The FCA acknowledged that recognising what is inside information can be challenging for small and mid-size quoted companies to determine. Citing a speech by Julia Hoggett, the FCA’s Director of Market Oversight, it noted that “compliance with MAR is a state of mind”, which depended on pragmatic situational judgements instead of following prescriptive rules. It was therefore difficult to provide clear guidance on this.
The QCA Primary Markets Expert Group and the FCA observed that although AIM companies were now exempt from the requirement to create and maintain insider lists – since AIM had been granted SME Growth Market status under MiFID II on 3 January 2018, which allows for a more flexible regulatory regime – it was unclear whether companies were aware of such the exemption and/or would change their behaviour.
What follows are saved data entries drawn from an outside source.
(* Both cocycles take values in finite sets of matrices of determinant 1, so
   they and their inverses are bounded.  For such a cocycle [A], uniform
   hyperbolicity amounts to an invariant line field contracted by the forward
   products of [A] together with one contracted by the forward products of the
   time reversal [i |-> A (- i - 1)^-1], whose forward products are the
   backward products of [A].
   Grouping consecutive resonators into blocks of length between 1 and [L]
   preserves contracted line fields in both directions.  Sampling a line field
   of the resonator cocycle at the block starts gives one for the block cocycle,
   since [n] blocks contain at least [n] resonators.  Conversely, transporting a
   line field of the block cocycle through each block by the resonator matrices
   gives one for the resonator cocycle: the products inside a block have norm
   at most [K ^+ L], so the rate [eta] per block becomes any rate [e > 1] with
   [e ^+ L <= eta] per resonator.  Time reversal maps a blocking to a blocking,
   which handles the unstable directions. *)

Section Rates.
Variable R : realFieldType.

Lemma bernoulli_sub (h : R) n : 0 <= h <= 1 -> 1 - n%:R * h <= (1 - h) ^+ n.
Proof.
move=> /andP[h0 h1]; elim: n => [|n IH]; first by rewrite mul0r subr0 expr0.
have nh0 : 0 <= n%:R * h by rewrite mulr_ge0.
by rewrite exprS -natr1; nra.
Qed.

Lemma exists_root_le (eta : R) (L : nat) : 1 < eta -> exists2 e : R, 1 < e & e ^+ L <= eta.
Proof.
move=> eta1; have L0 : 0 < L.+1%:R :> R by rewrite ltr0n.
have eta_inv : 0 < eta^-1 < 1 by rewrite invr_gt0 invf_lt1 ?andbT; lra.
(* Bernoulli: [(1 - h) ^+ L >= 1 - L h >= eta^-1]. *)
pose h := (1 - eta^-1) / L.+1%:R.
have hL : L.+1%:R * h = 1 - eta^-1 by rewrite /h mulrC divfK ?gt_eqF.
have h0 : 0 < h by rewrite /h divr_gt0 //; lra.
have h1 : h < 1.
  have L1 : 1 <= L.+1%:R :> R by rewrite ler1n.
  nra.
have pow_gt0 : 0 < (1 - h) ^+ L by rewrite exprn_gt0 //; lra.
exists (1 - h)^-1; first by rewrite invf_gt1; lra.
rewrite exprVn -[eta]invrK lef_pV2 ?posrE ?invr_gt0 //; last by lra.
apply: le_trans (bernoulli_sub L _); last by rewrite !ltW.
by rewrite -natr1 in hL; lra.
Qed.

Lemma decay_of_subsequence (a : nat -> R) (tau : nat -> nat) (L : nat) (K C eta e : R) :
  tau 0%N = 0%N -> (forall p, tau p < tau p.+1 <= tau p + L)%N ->
  0 <= K -> 0 <= C -> 0 <= a 0%N -> 1 < e -> e ^+ L <= eta ->
  (forall n t, (t <= L)%N -> a (n + t)%N <= K * a n) ->
  (forall p, a (tau p) <= C * eta ^- p * a 0%N) ->
  forall n, a n <= K * C * eta * e ^- n * a 0%N.
Proof.
move=> tau0 tau_step K0 C0 a0 e1 eL a_step a_tau n.
have tau_le p : (tau p <= p * L)%N.
  by elim: p => [|p IH]; rewrite ?tau0 // mulSn; have := tau_step p; lia.
have [p /andP[le_n lt_n]] : exists p, (tau p <= n < tau p.+1)%N.
  elim: n => [|n [p /andP[le_n lt_n]]].
    by exists 0%N; rewrite tau0; have := tau_step 0%N; lia.
  have [lt_n1|le_n1] := ltnP n.+1 (tau p.+1); first by exists p; rewrite lt_n1 leqW.
  by exists p.+1; have := tau_step p.+1; lia.
have e0 : 0 < e := lt_trans ltr01 e1.
have eta0 : 0 < eta := lt_le_trans (exprn_gt0 L e0) eL.
have pow_le : e ^+ n <= eta ^+ p.+1.
  apply: (@le_trans _ _ (e ^+ (p.+1 * L))).
    by apply: ler_weXn2l; [exact: ltW | have := tau_le p.+1; lia].
  rewrite mulnC exprM; apply: lerXn2r => //; rewrite nnegrE.
    exact: exprn_ge0 (ltW e0).
  exact: ltW.
have inv_le : eta ^- p <= eta * e ^- n.
  have -> : eta ^- p = eta * eta ^- p.+1 by rewrite exprS invfM mulrA mulfV ?gt_eqF // mul1r.
  by rewrite ler_pM2l // lef_pV2 ?posrE ?exprn_gt0.
have gap : (n - tau p <= L)%N by have := tau_step p; lia.
have := a_step (tau p) (n - tau p)%N gap; rewrite subnKC // => /le_trans; apply.
rewrite -!mulrA; apply: ler_wpM2l => //; apply: le_trans (a_tau p) _.
by rewrite -mulrA; apply: ler_wpM2l => //; rewrite mulrA; apply: ler_wpM2r.
Qed.

End Rates.

Section Cocycles.
Variable R : realType.
Local Notation M2 := 'M[R]_2.
Local Notation V2 := 'cV[R]_2.
Local Notation fwd := (@cocycle_fwd R).
Local Notation bwd := (@cocycle_bwd R).
Implicit Types (A : int -> M2) (w : int -> V2) (k m n : nat) (i j : int).

Lemma mulmx_col2 (M : M2) (v : V2) (p : 'I_2) :
  (M *m v) p 0 = M p 0 * v 0 0 + M p 1 * v 1 0.
Proof.
rewrite mxE !big_ord_recl big_ord0 addr0.
by have -> : lift ord0 ord0 = 1 :> 'I_2 by apply: val_inj.
Qed.

Lemma vnorm_ge0 (x : V2) : 0 <= vnorm x.
Proof. exact: sqrtr_ge0. Qed.

Lemma vnorm_eq0 (x : V2) : (vnorm x == 0) = (x == 0).
Proof.
apply/idP/eqP => [|->]; last by rewrite /vnorm !mxE expr0n addr0 sqrtr0.
rewrite sqrtr_eq0 => le0.
have x0 : x 0 0 = 0 by apply/eqP; rewrite -sqrf_eq0 eq_le sqr_ge0 andbT; nra.
have x1 : x 1 0 = 0 by apply/eqP; rewrite -sqrf_eq0 eq_le sqr_ge0 andbT; nra.
apply/matrixP => i j; rewrite mxE (ord1 j).
by case: i => [[|[|//]] ?]; [rewrite -x0 | rewrite -x1]; congr (x _ _); apply: val_inj.
Qed.

Lemma vnorm0 : vnorm (0 : V2) = 0.
Proof. by apply/eqP; rewrite vnorm_eq0. Qed.

Lemma vnorm_gt0 (x : V2) : (0 < vnorm x) = (x != 0).
Proof. by rewrite lt_def vnorm_eq0 vnorm_ge0 andbT. Qed.

Lemma vnormZ (c : R) (x : V2) : vnorm (c *: x) = `|c| * vnorm x.
Proof. by rewrite /vnorm !mxE !exprMn -mulrDr sqrtrM ?sqr_ge0 // sqrtr_sqr. Qed.

Lemma vnorm_mulmx_le (M : M2) (b : R) (x : V2) :
  (forall p q, `|M p q| <= b) -> vnorm (M *m x) <= 2 * b * vnorm x.
Proof.
move=> Mb; have b0 : 0 <= b := le_trans (normr_ge0 _) (Mb 0 0).
have entry_le p : (M *m x) p 0 ^+ 2 <= 2 * b ^+ 2 * (x 0 0 ^+ 2 + x 1 0 ^+ 2).
  have sq_le q : M p q ^+ 2 <= b ^+ 2.
    by rewrite -real_normK ?num_real // lerXn2r ?nnegrE ?normr_ge0.
  have := sq_le 0; have := sq_le 1; have := sqr_ge0 (x 0 0); have := sqr_ge0 (x 1 0).
  have := sqr_ge0 (M p 0 * x 0 0 - M p 1 * x 1 0); rewrite mulmx_col2; nra.
rewrite /vnorm -[2 * b]ger0_norm ?mulr_ge0 // -sqrtr_sqr -sqrtrM ?sqr_ge0 //.
by rewrite ler_sqrt ?mulr_ge0 ?addr_ge0 ?sqr_ge0 //; have := entry_le 0; have := entry_le 1; nra.
Qed.

Lemma fwd_add A m n i : fwd A (m + n) i = fwd A n (i + m%:Z) *m fwd A m i.
Proof.
elim: n => [|n IH]; first by rewrite addn0 mul1mx.
by rewrite addnS /= IH mulmxA -addrA -PoszD.
Qed.

Lemma fwd_vnorm_le A (b : R) n i (x : V2) : (forall i p q, `|A i p q| <= b) ->
  vnorm (fwd A n i *m x) <= (2 * b) ^+ n * vnorm x.
Proof.
move=> Ab; have b0 : 0 <= b := le_trans (normr_ge0 _) (Ab 0 0 0).
elim: n => [|n IH]; first by rewrite mul1mx expr0 mul1r.
rewrite /= -mulmxA exprS -mulrA.
apply: le_trans (vnorm_mulmx_le _ (Ab _)) _.
by rewrite ler_wpM2l ?mulr_ge0.
Qed.

Lemma fwd_unitmx A n i : (forall i, A i \in unitmx) -> fwd A n i \in unitmx.
Proof. by move=> Au; elim: n => [|n IH]; rewrite /= ?unitmx1 // unitmx_mul Au. Qed.

Lemma bounded_cocycle_mem A (S : seq M2) : (forall i, A i \in S) -> bounded_cocycle A.
Proof.
move=> AS; exists (\big[Num.max/0]_(M <- S) \big[Num.max/0]_p \big[Num.max/0]_q `|M p q|).
move=> i p q; apply: (bigmax_sup_seq _ _ _ _ _ (AS i)) => //; apply: (bigmax_sup p) => //.
exact: le_bigmax.
Qed.

Lemma bwd_fwd A n i : (forall i, A i \in unitmx) ->
  bwd A n (i + n%:Z) *m fwd A n i = 1%:M.
Proof.
move=> Au; elim: n i => [|n IH] i; first by rewrite mul1mx.
have -> : fwd A n.+1 i = fwd A n (i + 1) *m A i by rewrite (fwd_add A 1 n) /= addr0 mulmx1.
have e1 : i + n.+1%:Z - n.+1%:Z = i by lia.
have e2 : i + n.+1%:Z = i + 1 + n%:Z by lia.
by rewrite /= e1 e2 mulmxA -(mulmxA (invmx (A i))) IH mulmx1 mulVmx.
Qed.

Lemma bwd_invmx A n i : (forall i, A i \in unitmx) ->
  bwd A n (i + n%:Z) = invmx (fwd A n i).
Proof.
move=> Au; have := bwd_fwd n i Au => /(congr1 (mulmx^~ (invmx (fwd A n i)))).
by rewrite mul1mx -mulmxA mulmxV ?mulmx1 // fwd_unitmx.
Qed.

Definition cocycle_rev (A : int -> M2) (i : int) := invmx (A (- i - 1)).

Lemma fwd_rev A n i : fwd (cocycle_rev A) n i = bwd A n (- i).
Proof. by elim: n => [|n IH] //=; rewrite IH /cocycle_rev; congr (invmx (A _) *m _); lia. Qed.

Definition carries_lines (A : int -> M2) (w : int -> V2) :=
  (forall i, w i != 0) /\
  forall i, exists2 c : R, c != 0 & A i *m w i = c *: w (i + 1).

Lemma invariant_linesE A w : invariant_lines A w <-> carries_lines A w.
Proof.
split=> -[w_neq0 Aw]; split=> // i.
  have [x [[d ->] wE]] := (Aw i (w (i + 1))).1 (ex_intro _ 1 (esym (scale1r _))).
  have d_neq0 : d != 0.
    by apply: contra_neq (w_neq0 (i + 1)); rewrite wE => ->; rewrite scale0r mulmx0.
  by exists d^-1; rewrite ?invr_eq0 // wE -scalemxAr scalerA mulVf ?scale1r.
have [c c_neq0 AwE] := Aw i; move=> y; split.
  case=> e ->; exists ((e / c) *: w i); split; first by exists (e / c).
  by rewrite -scalemxAr AwE scalerA mulfVK.
by case=> _ [[d ->] ->]; exists (d * c); rewrite -scalemxAr AwE scalerA.
Qed.

Lemma carries_lines_fwd A w n i : carries_lines A w ->
  exists2 c : R, c != 0 & fwd A n i *m w i = c *: w (i + n%:Z).
Proof.
case=> _ Aw; elim: n => [|n [c c_neq0 IH]].
  by exists 1; rewrite ?oner_eq0 // mul1mx scale1r addr0.
have [d d_neq0 AwE] := Aw (i + n%:Z).
exists (d * c); first by rewrite mulf_neq0.
by rewrite /= -mulmxA IH -scalemxAr AwE scalerA mulrC -addrA -(PoszD n 1) addn1.
Qed.

Lemma scaled_image_invmx (M : M2) (x y : V2) : M \in unitmx ->
  (exists2 c : R, c != 0 & M *m x = c *: y) ->
  exists2 c : R, c != 0 & invmx M *m y = c *: x.
Proof.
move=> Mu [c c_neq0 MxE]; exists c^-1; rewrite ?invr_eq0 //.
by rewrite -[y](scalerK c_neq0) -MxE -scalemxAr mulKmx.
Qed.

Lemma carries_lines_rev A w w' : (forall i, A i \in unitmx) ->
  (forall i, w' i = w (- i)) ->
  carries_lines (cocycle_rev A) w' <-> carries_lines A w.
Proof.
move=> Au w'E; split=> -[w_neq0 Aw]; split.
- by move=> i; rewrite -[i]opprK -w'E.
- move=> i; have := Aw (- i - 1); rewrite /cocycle_rev !w'E.
  have [-> -> ->] : [/\ - (- i - 1) - 1 = i, - (- i - 1 + 1) = i & - (- i - 1) = i + 1].
    by split; lia.
  by move/(scaled_image_invmx _); rewrite invmxK unitmx_inv; apply.
- by move=> i; rewrite w'E.
- move=> i; rewrite /cocycle_rev !w'E (_ : - (i + 1) = - i - 1); last by lia.
  have := Aw (- i - 1); rewrite (_ : - i - 1 + 1 = - i); last by lia.
  exact: scaled_image_invmx.
Qed.

(* Unlike in [unif_hyperbolic], the bound is homogeneous and includes [n = 0],
   which forces [1 <= C]. *)
Definition contracts (F : nat -> int -> M2) (w : int -> V2) (C eta : R) :=
  forall i n x, in_line (w i) x -> vnorm (F n i *m x) <= C * eta ^- n * vnorm x.

Lemma contracts_ge1 F w C eta : (forall i, w i != 0) ->
  (forall i, F 0%N i = 1%:M) -> contracts F w C eta -> 1 <= C.
Proof.
move=> w_neq0 F0 Fw; have := Fw 0 0%N (w 0) (ex_intro _ 1 (esym (scale1r _))).
by rewrite F0 mul1mx expr0 invr1 mulr1 -{1}[vnorm _]mul1r ler_pM2r ?vnorm_gt0.
Qed.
Many members of the Primary Markets Expert Group noted that many issuers were including all insiders in their lists, despite the fact that this is not necessary.
The FCA clarified that issuers were not required to have a disclosure committee, although some companies found such committees useful. Instead, ensuring that the correct documentation was correctly completed should be a company’s top priority. There was consensus among the Expert Group that small and mid-size quoted companies were slowly coming to terms with how to comply with the requirements.
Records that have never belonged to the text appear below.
(* Minimality of [x] on the segment from [x] to [w] gives
   [2 t c <= t^2 |w - x|^2] for [t] in [0, 1]; take [t = c / (|w - x|^2 + c)]. *)
Lemma is_proj_variational {y x w : 'cV[R]_k} :
  convex_set' S -> is_proj S y x -> S w -> cdot (y - x) (w - x) <= 0.
Proof.
move=> S_convex [Sx x_min] Sw.
set c := cdot (y - x) (w - x); set K := cdot (w - x) (w - x).
have K_ge0 : 0 <= K by exact: cdot_ge0.
have segment_ineq t : 0 <= t <= 1 -> 2 * t * c <= t ^+ 2 * K.
  move=> t01; have := x_min _ (S_convex _ _ Sw Sx t t01).
  have -> : cdot (y - (t *: w + (1 - t) *: x)) (y - (t *: w + (1 - t) *: x))
     = cdot (y - x) (y - x) - 2 * t * c + t ^+ 2 * K by rewrite /c /K; cdot_ring.
  lra.
rewrite leNgt; apply/negP => c_gt0.
have Kc_gt0 : 0 < K + c by lra.
set t := c / (K + c).
have tKc : t * (K + c) = c by rewrite /t mulrVK // unitfE gt_eqF.
have t_ge0 : 0 <= t by rewrite /t divr_ge0 // ltW.
have t_le1 : t <= 1 by rewrite /t ler_pdivrMr // mul1r; lra.
by have := segment_ineq t; rewrite t_ge0 t_le1 => /(_ isT); nra.
Qed.

(* [y |-> (|y - b|^2 - |y - P y|^2) / 2] lies above its linearization with
   slope [P y - b]. *)
Lemma sqdist_gap_ray_ge {y x x' w : 'cV[R]_k} {t : R} b :
  is_proj S y x -> is_proj S (y + t *: w) x' ->
  t * cdot (x - b) w <=
  2^-1 * (cdot (y + t *: w - b) (y + t *: w - b)
          - cdot (y + t *: w - x') (y + t *: w - x'))
  - 2^-1 * (cdot (y - b) (y - b) - cdot (y - x) (y - x)).
Proof.
move=> [Sx _] [_ x'_min]; have := x'_min x Sx.
have shift_b := cdot_sqr_shift y b w t; have shift_x := cdot_sqr_shift y x w t.
have -> : cdot (x - b) w = cdot (y - b) w - cdot (y - x) w by cdot_ring.
lra.
Qed.

End projection.

Section clarke.
Context {R : realType} {n m : nat} {q : 'I_n -> nat}.
Implicit Types (xi p v : state R m q) (V : state R m q -> R).

Lemma snorm_ssubxx xi : snorm (ssub xi xi) = 0.
Proof.
rewrite /snorm /sdot /ssub /dotX /dotL /= !big1 ?addr0 ?sqrtr0 // => i _;
by rewrite /subX /subL subrr cdot0r.
Qed.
Persons discharging managerial responsibilities (PDMRs)
Although AIM companies appear to define a PDMR in a variety of different ways, QCA Primary Markets Expert Group members reported that they had not received any queries from their clients.
Regarding persons closely associated (PCAs), the FCA emphasised the importance of following a sensible approach – particularly with regards to children, who should not be considered PCAs if they would clearly be unable to act on any information shared with them.
The QCA Primary Markets Expert Group noted that there were fewer soundings taking place since July 2016. Neither the Expert Group nor the FCA were clear on whether this was specifically due to the MAR requirements or whether it is due to wider market conditions.
The FCA suggested that some principles have not been properly understood, which could have influenced the decline in the number of market soundings. It added that some of the confusion originates from different compliance strategies from the buy-side market participants and that, as a result, some investors are refusing to be made insiders until very late on in a transaction.
Ultimately, the FCA recognises that MAR continues to be a work-in progress for many small and mid-size quoted companies. Therefore, as the way the FCA supervises capital markets evolves, we will continue to maintain a dialogue with them to ensure that our members’ concerns are heard.